> _The records_
+ + + + + + +

(* Given a schedule $\sigma$ of $n$ jobs on two machines and $k\ge1$, one run of the randomized $k$-swap algorithm terminates in $O(k\cdot n^{\lceil k/2\rceil}\cdot\log n)$ steps.
   Context: Problem $P2\|C_{\max}$: $n$ jobs with processing times $p_j>0$, two identical machines. A schedule $\sigma=(M_1,M_2)$ partitions the jobs; loads $L_i=\sum_{j\in M_i}p_j$, $\Delta=\max_iL_i-\min_iL_i$; label machines so that machine 1 has maximum load. Randomized $k$-swap algorithm: (1) assign each job independently and uniformly at random to $A$ or $B$; (2) for every $S_1\subseteq A$ with $|S_1|=\lceil k/2\rceil$ put $\sum_{j\in S_1\cap M_1}p_j-\sum_{j\in S_1\cap M_2}p_j$ (with reference to $S_1$) into $A_\Sigma$; (3) for every $S_2\subseteq B$ with $|S_2|=\lfloor k/2\rfloor$ put $\sum_{j\in S_2\cap M_1}p_j-\sum_{j\in S_2\cap M_2}p_j$ into $B_\Sigma$; (4) sort $B_\Sigma$ non-decreasingly; (5) for each $x\in A_\Sigma$ binary-search for $y\in B_\Sigma$ with $-x<y<\Delta-x$; if found, interchange the machine assignments of the jobs of the corresponding $S_1\cup S_2$ and return True; (6) otherwise return False. Steps are elementary operations (including arithmetic and comparisons on processing times) of unit cost. *)

(* A cost-instrumented model of one run of the randomized
   k-swap algorithm for P2||Cmax.  Every function returns its result paired
   with the number of elementary (unit-cost) operations it performs:
   arithmetic operations / comparisons on processing times, comparisons and
   arithmetic on indices, branch decisions, coin flips, array accesses and
   construction of list cells.  Constant factors are immaterial. *)
From HB Require Import structures.
From mathcomp Require Import all_boot all_order all_algebra.
Set Implicit Arguments. Unset Strict Implicit. Unset Printing Implicit Defensive.
Import Order.TTheory GRing.Theory Num.Theory.

(* Jobs are the indices 0 .. n-1; [p j] is the processing time of job j,
   [sched j] tells on which machine (labelled true / false) job j is in sigma. *)

Fixpoint loads {R : realDomainType} (p : nat -> R) (sched : nat -> bool)
    (js : seq nat) : R * R * nat :=
  match js with
  | [::] => (0%R, 0%R, 0)
  | j :: js' =>
      let: (a, b, c) := loads p sched js' in
      if sched j then ((a + p j)%R, b, c + 2) else (a, (b + p j)%R, c + 2)
  end.

Fixpoint choose (s : seq nat) (h : nat) {struct s} : seq (seq nat) * nat :=
  match h with
  | 0 => ([:: [::]], 1)
  | h'.+1 =>
      match s with
      | [::] => ([::], 1)
      | x :: s' =>
          let: (l1, c1) := choose s' h' in
          let: (l2, c2) := choose s' h in
          (map (cons x) l1 ++ l2, c1 + c2 + 2 * size l1 + 1)
      end
  end.

(* sum_{j in S} w j, where w j = p j if j on machine 1, - p j otherwise *)
Fixpoint signed_sum {R : realDomainType} (w : nat -> R) (U : seq nat) : R * nat :=
  match U with
  | [::] => (0%R, 1)
  | j :: U' => let: (v, c) := signed_sum w U' in ((w j + v)%R, c + 2)
  end.

(* the multiset A_Sigma / B_Sigma: values with reference to their subset *)
Fixpoint weigh {R : realDomainType} (w : nat -> R) (ss : seq (seq nat))
    : seq (R * seq nat) * nat :=
  match ss with
  | [::] => ([::], 1)
  | T :: ss' =>
      let: (v, c) := signed_sum w T in
      let: (l, c') := weigh w ss' in
      ((v, T) :: l, c + c' + 1)
  end.

Fixpoint merge_c {R : realDomainType} {T : Type} (s1 : seq (R * T))
    : seq (R * T) -> seq (R * T) * nat :=
  if s1 is x1 :: s1' then
    let fix merge_s1 (s2 : seq (R * T)) :=
      if s2 is x2 :: s2' then
        if (x1.1 <= x2.1)%R then
          let: (r, c) := merge_c s1' s2 in (x1 :: r, c + 2)
        else
          let: (r, c) := merge_s1 s2' in (x2 :: r, c + 2)
      else (s1, 1) in
    merge_s1
  else fun s2 => (s2, 1).

Fixpoint split_c {A : Type} (s : seq A) : seq A * seq A * nat :=
  match s with
  | x :: y :: s' => let: (a, b, c) := split_c s' in (x :: a, y :: b, c + 2)
  | _ => (s, [::], 1)
  end.

(* fuel = size of the list is always sufficient *)
Fixpoint msort_c {R : realDomainType} {T : Type} (fuel : nat) (s : seq (R * T))
    : seq (R * T) * nat :=
  match fuel with
  | 0 => (s, 1)
  | fuel'.+1 =>
      match s with
      | [::] => (s, 1)
      | [:: _] => (s, 1)
      | _ =>
          let: (a, b, c0) := split_c s in
          let: (a', c1) := msort_c fuel' a in
          let: (b', c2) := msort_c fuel' b in
          let: (r, c3) := merge_c a' b' in
          (r, c0 + c1 + c2 + c3 + 1)
      end
  end.

(* binary search in the sorted array b (random access of unit cost) for the
   first index in [lo, hi) whose value is > t; fuel = size b + 1 suffices. *)
Fixpoint bsearch {R : realDomainType} {T : Type} (b : seq (R * T)) (d : R * T)
    (fuel : nat) (t : R) (lo hi : nat) : nat * nat :=
  match fuel with
  | 0 => (lo, 1)
  | f.+1 =>
      if lo < hi then
        let mid := (lo + hi)./2 in
        if (t < (nth d b mid).1)%R then
          let: (r, c) := bsearch b d f t lo mid in (r, c + 6)
        else
          let: (r, c) := bsearch b d f t mid.+1 hi in (r, c + 6)
      else (lo, 1)
  end.

Fixpoint search {R : realDomainType} (bS : seq (R * seq nat)) (Delta : R)
    (aS : seq (R * seq nat)) : option (seq nat * seq nat) * nat :=
  match aS with
  | [::] => (None, 1)
  | (x, S1) :: aS' =>
      let: (i, c) := bsearch bS (0%R, [::]) (size bS).+1 (- x)%R 0 (size bS) in
      if (i < size bS) && ((nth (0%R, [::]) bS i).1 < Delta - x)%R then
        (Some (S1, (nth (0%R, [::]) bS i).2), c + 5)
      else
        let: (r, c') := search bS Delta aS' in (r, c + c' + 5)
  end.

+ + + + + + +

> _What this task involves_
The required result is a verbatim copy of all the entries.

> _Output of the task_
(* Given a schedule $\sigma$ of $n$ jobs on two machines and $k\ge1$, one run of the randomized $k$-swap algorithm terminates in $O(k\cdot n^{\lceil k/2\rceil}\cdot\log n)$ steps.
   Context: Problem $P2\|C_{\max}$: $n$ jobs with processing times $p_j>0$, two identical machines. A schedule $\sigma=(M_1,M_2)$ partitions the jobs; loads $L_i=\sum_{j\in M_i}p_j$, $\Delta=\max_iL_i-\min_iL_i$; label machines so that machine 1 has maximum load. Randomized $k$-swap algorithm: (1) assign each job independently and uniformly at random to $A$ or $B$; (2) for every $S_1\subseteq A$ with $|S_1|=\lceil k/2\rceil$ put $\sum_{j\in S_1\cap M_1}p_j-\sum_{j\in S_1\cap M_2}p_j$ (with reference to $S_1$) into $A_\Sigma$; (3) for every $S_2\subseteq B$ with $|S_2|=\lfloor k/2\rfloor$ put $\sum_{j\in S_2\cap M_1}p_j-\sum_{j\in S_2\cap M_2}p_j$ into $B_\Sigma$; (4) sort $B_\Sigma$ non-decreasingly; (5) for each $x\in A_\Sigma$ binary-search for $y\in B_\Sigma$ with $-x<y<\Delta-x$; if found, interchange the machine assignments of the jobs of the corresponding $S_1\cup S_2$ and return True; (6) otherwise return False. Steps are elementary operations (including arithmetic and comparisons on processing times) of unit cost. *)

(* A cost-instrumented model of one run of the randomized
   k-swap algorithm for P2||Cmax.  Every function returns its result paired
   with the number of elementary (unit-cost) operations it performs:
   arithmetic operations / comparisons on processing times, comparisons and
   arithmetic on indices, branch decisions, coin flips, array accesses and
   construction of list cells.  Constant factors are immaterial. *)
From HB Require Import structures.
From mathcomp Require Import all_boot all_order all_algebra.
Set Implicit Arguments. Unset Strict Implicit. Unset Printing Implicit Defensive.
Import Order.TTheory GRing.Theory Num.Theory.

(* Jobs are the indices 0 .. n-1; [p j] is the processing time of job j,
   [sched j] tells on which machine (labelled true / false) job j is in sigma. *)

Fixpoint loads {R : realDomainType} (p : nat -> R) (sched : nat -> bool)
    (js : seq nat) : R * R * nat :=
  match js with
  | [::] => (0%R, 0%R, 0)
  | j :: js' =>
      let: (a, b, c) := loads p sched js' in
      if sched j then ((a + p j)%R, b, c + 2) else (a, (b + p j)%R, c + 2)
  end.

Fixpoint choose (s : seq nat) (h : nat) {struct s} : seq (seq nat) * nat :=
  match h with
  | 0 => ([:: [::]], 1)
  | h'.+1 =>
      match s with
      | [::] => ([::], 1)
      | x :: s' =>
          let: (l1, c1) := choose s' h' in
          let: (l2, c2) := choose s' h in
          (map (cons x) l1 ++ l2, c1 + c2 + 2 * size l1 + 1)
      end
  end.

(* sum_{j in S} w j, where w j = p j if j on machine 1, - p j otherwise *)
Fixpoint signed_sum {R : realDomainType} (w : nat -> R) (U : seq nat) : R * nat :=
  match U with
  | [::] => (0%R, 1)
  | j :: U' => let: (v, c) := signed_sum w U' in ((w j + v)%R, c + 2)
  end.

(* the multiset A_Sigma / B_Sigma: values with reference to their subset *)
Fixpoint weigh {R : realDomainType} (w : nat -> R) (ss : seq (seq nat))
    : seq (R * seq nat) * nat :=
  match ss with
  | [::] => ([::], 1)
  | T :: ss' =>
      let: (v, c) := signed_sum w T in
      let: (l, c') := weigh w ss' in
      ((v, T) :: l, c + c' + 1)
  end.

Fixpoint merge_c {R : realDomainType} {T : Type} (s1 : seq (R * T))
    : seq (R * T) -> seq (R * T) * nat :=
  if s1 is x1 :: s1' then
    let fix merge_s1 (s2 : seq (R * T)) :=
      if s2 is x2 :: s2' then
        if (x1.1 <= x2.1)%R then
          let: (r, c) := merge_c s1' s2 in (x1 :: r, c + 2)
        else
          let: (r, c) := merge_s1 s2' in (x2 :: r, c + 2)
      else (s1, 1) in
    merge_s1
  else fun s2 => (s2, 1).

Fixpoint split_c {A : Type} (s : seq A) : seq A * seq A * nat :=
  match s with
  | x :: y :: s' => let: (a, b, c) := split_c s' in (x :: a, y :: b, c + 2)
  | _ => (s, [::], 1)
  end.

(* fuel = size of the list is always sufficient *)
Fixpoint msort_c {R : realDomainType} {T : Type} (fuel : nat) (s : seq (R * T))
    : seq (R * T) * nat :=
  match fuel with
  | 0 => (s, 1)
  | fuel'.+1 =>
      match s with
      | [::] => (s, 1)
      | [:: _] => (s, 1)
      | _ =>
          let: (a, b, c0) := split_c s in
          let: (a', c1) := msort_c fuel' a in
          let: (b', c2) := msort_c fuel' b in
          let: (r, c3) := merge_c a' b' in
          (r, c0 + c1 + c2 + c3 + 1)
      end
  end.

(* binary search in the sorted array b (random access of unit cost) for the
   first index in [lo, hi) whose value is > t; fuel = size b + 1 suffices. *)
Fixpoint bsearch {R : realDomainType} {T : Type} (b : seq (R * T)) (d : R * T)
    (fuel : nat) (t : R) (lo hi : nat) : nat * nat :=
  match fuel with
  | 0 => (lo, 1)
  | f.+1 =>
      if lo < hi then
        let mid := (lo + hi)./2 in
        if (t < (nth d b mid).1)%R then
          let: (r, c) := bsearch b d f t lo mid in (r, c + 6)
        else
          let: (r, c) := bsearch b d f t mid.+1 hi in (r, c + 6)
      else (lo, 1)
  end.

Fixpoint search {R : realDomainType} (bS : seq (R * seq nat)) (Delta : R)
    (aS : seq (R * seq nat)) : option (seq nat * seq nat) * nat :=
  match aS with
  | [::] => (None, 1)
  | (x, S1) :: aS' =>
      let: (i, c) := bsearch bS (0%R, [::]) (size bS).+1 (- x)%R 0 (size bS) in
      if (i < size bS) && ((nth (0%R, [::]) bS i).1 < Delta - x)%R then
        (Some (S1, (nth (0%R, [::]) bS i).2), c + 5)
      else
        let: (r, c') := search bS Delta aS' in (r, c + c' + 5)
  end.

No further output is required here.